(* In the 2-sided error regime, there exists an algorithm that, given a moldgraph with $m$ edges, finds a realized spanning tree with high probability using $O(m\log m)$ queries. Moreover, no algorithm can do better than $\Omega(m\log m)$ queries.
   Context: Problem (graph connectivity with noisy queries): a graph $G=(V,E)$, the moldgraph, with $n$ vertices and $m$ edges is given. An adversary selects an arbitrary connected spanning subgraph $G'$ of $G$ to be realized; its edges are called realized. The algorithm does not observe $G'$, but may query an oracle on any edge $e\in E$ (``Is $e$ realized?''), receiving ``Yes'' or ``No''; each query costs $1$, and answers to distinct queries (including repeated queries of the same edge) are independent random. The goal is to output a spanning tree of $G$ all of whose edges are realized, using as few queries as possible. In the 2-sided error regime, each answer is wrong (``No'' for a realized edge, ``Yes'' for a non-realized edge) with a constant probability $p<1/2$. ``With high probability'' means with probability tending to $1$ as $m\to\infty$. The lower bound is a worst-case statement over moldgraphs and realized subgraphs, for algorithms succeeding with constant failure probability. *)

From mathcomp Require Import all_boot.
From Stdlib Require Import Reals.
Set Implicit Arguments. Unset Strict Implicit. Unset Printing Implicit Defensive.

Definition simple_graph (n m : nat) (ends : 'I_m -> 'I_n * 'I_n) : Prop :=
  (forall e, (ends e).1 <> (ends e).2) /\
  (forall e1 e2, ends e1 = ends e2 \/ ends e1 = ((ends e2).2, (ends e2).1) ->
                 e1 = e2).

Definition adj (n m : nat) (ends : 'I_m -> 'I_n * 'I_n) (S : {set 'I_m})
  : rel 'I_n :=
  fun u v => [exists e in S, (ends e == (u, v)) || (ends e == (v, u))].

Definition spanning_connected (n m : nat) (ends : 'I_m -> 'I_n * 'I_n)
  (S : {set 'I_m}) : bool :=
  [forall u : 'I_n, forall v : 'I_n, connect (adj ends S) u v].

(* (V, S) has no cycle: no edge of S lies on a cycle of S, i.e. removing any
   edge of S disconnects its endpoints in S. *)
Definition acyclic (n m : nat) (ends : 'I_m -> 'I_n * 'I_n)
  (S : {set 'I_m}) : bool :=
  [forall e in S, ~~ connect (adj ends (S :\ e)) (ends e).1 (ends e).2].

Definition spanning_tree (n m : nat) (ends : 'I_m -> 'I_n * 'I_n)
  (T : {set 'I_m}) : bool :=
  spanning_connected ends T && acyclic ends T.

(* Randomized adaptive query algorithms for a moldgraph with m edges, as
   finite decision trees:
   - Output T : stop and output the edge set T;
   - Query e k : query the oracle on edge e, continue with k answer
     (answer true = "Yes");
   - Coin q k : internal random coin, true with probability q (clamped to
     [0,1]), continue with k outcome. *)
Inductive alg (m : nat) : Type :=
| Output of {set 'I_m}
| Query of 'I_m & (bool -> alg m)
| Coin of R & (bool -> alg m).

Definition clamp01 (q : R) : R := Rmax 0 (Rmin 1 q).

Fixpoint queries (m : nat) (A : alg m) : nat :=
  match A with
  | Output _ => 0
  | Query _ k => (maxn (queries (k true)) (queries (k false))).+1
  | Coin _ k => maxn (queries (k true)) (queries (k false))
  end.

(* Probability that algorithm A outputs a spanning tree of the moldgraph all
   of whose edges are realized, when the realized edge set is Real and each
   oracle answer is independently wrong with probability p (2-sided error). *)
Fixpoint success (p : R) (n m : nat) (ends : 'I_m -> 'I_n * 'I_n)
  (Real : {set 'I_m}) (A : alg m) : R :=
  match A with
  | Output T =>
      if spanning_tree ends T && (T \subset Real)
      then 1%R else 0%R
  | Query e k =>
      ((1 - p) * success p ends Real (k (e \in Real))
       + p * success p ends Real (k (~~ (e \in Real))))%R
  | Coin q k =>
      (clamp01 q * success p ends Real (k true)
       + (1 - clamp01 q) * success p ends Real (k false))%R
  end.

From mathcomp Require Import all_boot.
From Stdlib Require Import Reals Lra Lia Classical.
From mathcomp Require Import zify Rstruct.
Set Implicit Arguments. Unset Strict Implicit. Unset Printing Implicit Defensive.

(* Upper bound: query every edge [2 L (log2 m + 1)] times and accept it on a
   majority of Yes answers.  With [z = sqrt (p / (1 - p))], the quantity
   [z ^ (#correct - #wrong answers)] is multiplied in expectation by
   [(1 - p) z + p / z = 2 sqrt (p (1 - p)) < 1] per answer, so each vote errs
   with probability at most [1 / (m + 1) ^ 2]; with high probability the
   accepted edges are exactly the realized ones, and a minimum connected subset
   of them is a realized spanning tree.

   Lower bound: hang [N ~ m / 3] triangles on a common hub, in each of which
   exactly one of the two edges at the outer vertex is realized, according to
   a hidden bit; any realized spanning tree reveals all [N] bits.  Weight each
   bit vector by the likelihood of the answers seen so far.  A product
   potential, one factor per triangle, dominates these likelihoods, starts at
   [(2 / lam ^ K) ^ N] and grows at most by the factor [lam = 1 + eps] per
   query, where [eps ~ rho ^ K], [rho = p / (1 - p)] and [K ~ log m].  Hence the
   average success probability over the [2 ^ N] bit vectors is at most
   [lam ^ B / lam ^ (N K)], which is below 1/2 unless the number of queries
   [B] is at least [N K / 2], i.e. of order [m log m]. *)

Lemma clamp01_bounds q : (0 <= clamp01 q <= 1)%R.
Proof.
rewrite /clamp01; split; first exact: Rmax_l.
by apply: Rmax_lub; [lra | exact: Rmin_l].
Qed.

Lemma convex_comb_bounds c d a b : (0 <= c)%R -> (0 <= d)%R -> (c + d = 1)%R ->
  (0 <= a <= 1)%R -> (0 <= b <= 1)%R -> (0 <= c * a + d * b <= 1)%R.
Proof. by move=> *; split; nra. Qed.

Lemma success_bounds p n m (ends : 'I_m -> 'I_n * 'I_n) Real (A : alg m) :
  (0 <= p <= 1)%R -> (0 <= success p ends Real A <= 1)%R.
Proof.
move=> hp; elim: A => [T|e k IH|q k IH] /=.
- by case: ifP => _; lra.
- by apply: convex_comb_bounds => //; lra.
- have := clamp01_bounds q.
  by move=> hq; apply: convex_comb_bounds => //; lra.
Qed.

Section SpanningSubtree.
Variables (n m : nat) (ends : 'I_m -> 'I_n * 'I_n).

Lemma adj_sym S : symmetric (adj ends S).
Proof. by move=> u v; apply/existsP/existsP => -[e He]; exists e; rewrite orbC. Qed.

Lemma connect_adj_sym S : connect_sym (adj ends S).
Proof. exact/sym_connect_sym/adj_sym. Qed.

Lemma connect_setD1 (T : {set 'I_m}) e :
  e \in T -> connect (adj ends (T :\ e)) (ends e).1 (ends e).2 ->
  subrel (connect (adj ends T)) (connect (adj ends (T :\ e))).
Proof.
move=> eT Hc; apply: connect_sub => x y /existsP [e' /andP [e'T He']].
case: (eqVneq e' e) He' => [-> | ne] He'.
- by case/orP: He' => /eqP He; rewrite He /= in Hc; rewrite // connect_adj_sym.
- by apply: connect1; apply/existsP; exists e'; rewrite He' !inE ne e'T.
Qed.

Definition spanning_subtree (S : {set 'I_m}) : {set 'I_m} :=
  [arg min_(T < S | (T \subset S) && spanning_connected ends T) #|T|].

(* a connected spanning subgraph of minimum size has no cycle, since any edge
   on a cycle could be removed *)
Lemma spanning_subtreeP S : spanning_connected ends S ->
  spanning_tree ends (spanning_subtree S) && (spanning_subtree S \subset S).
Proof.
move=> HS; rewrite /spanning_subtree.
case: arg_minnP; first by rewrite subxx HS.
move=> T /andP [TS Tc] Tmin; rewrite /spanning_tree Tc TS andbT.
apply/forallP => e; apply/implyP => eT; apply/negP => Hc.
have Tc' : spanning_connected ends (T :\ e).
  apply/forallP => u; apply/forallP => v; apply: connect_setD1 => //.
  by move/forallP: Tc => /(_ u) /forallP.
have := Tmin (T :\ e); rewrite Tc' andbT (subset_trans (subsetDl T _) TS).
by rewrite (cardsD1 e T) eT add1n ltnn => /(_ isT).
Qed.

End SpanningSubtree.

_____

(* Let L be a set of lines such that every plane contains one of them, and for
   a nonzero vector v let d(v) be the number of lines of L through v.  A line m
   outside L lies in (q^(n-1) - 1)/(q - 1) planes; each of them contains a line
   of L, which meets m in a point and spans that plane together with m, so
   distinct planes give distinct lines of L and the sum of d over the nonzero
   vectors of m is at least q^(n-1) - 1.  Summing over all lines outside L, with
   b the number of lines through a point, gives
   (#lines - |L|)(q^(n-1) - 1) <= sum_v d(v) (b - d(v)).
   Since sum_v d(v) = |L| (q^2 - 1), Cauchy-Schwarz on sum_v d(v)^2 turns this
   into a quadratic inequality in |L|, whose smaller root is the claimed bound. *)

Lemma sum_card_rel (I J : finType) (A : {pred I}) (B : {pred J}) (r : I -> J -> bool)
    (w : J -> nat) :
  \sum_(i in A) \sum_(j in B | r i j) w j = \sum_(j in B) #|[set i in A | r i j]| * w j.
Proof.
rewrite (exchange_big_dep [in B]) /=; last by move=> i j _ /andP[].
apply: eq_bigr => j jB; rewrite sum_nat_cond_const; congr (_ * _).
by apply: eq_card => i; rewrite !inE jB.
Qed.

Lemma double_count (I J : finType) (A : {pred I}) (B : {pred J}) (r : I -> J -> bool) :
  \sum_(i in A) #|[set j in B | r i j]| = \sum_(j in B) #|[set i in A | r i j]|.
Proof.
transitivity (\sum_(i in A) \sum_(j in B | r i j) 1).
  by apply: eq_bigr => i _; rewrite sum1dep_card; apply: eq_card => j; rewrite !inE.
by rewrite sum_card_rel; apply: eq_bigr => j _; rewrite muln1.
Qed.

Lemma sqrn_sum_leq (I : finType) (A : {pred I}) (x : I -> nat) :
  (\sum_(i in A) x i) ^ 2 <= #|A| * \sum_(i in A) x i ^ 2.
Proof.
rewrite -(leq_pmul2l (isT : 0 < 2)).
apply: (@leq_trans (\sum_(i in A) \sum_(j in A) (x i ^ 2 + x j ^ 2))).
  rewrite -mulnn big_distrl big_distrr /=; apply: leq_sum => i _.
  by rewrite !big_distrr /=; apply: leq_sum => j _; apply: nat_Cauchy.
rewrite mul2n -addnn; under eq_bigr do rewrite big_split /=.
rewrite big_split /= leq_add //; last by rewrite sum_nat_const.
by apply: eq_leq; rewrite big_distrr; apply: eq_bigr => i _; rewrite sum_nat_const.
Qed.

_____

Problem: The required answer is the run of lines above, starting at the line with "Lower bound: hang" and ending at the line with "bit vector by", reproduced exactly with both ends.

Response to this task:
   Lower bound: hang [N ~ m / 3] triangles on a common hub, in each of which
   exactly one of the two edges at the outer vertex is realized, according to
   a hidden bit; any realized spanning tree reveals all [N] bits.  Weight each
   bit vector by the likelihood of the answers seen so far.  A product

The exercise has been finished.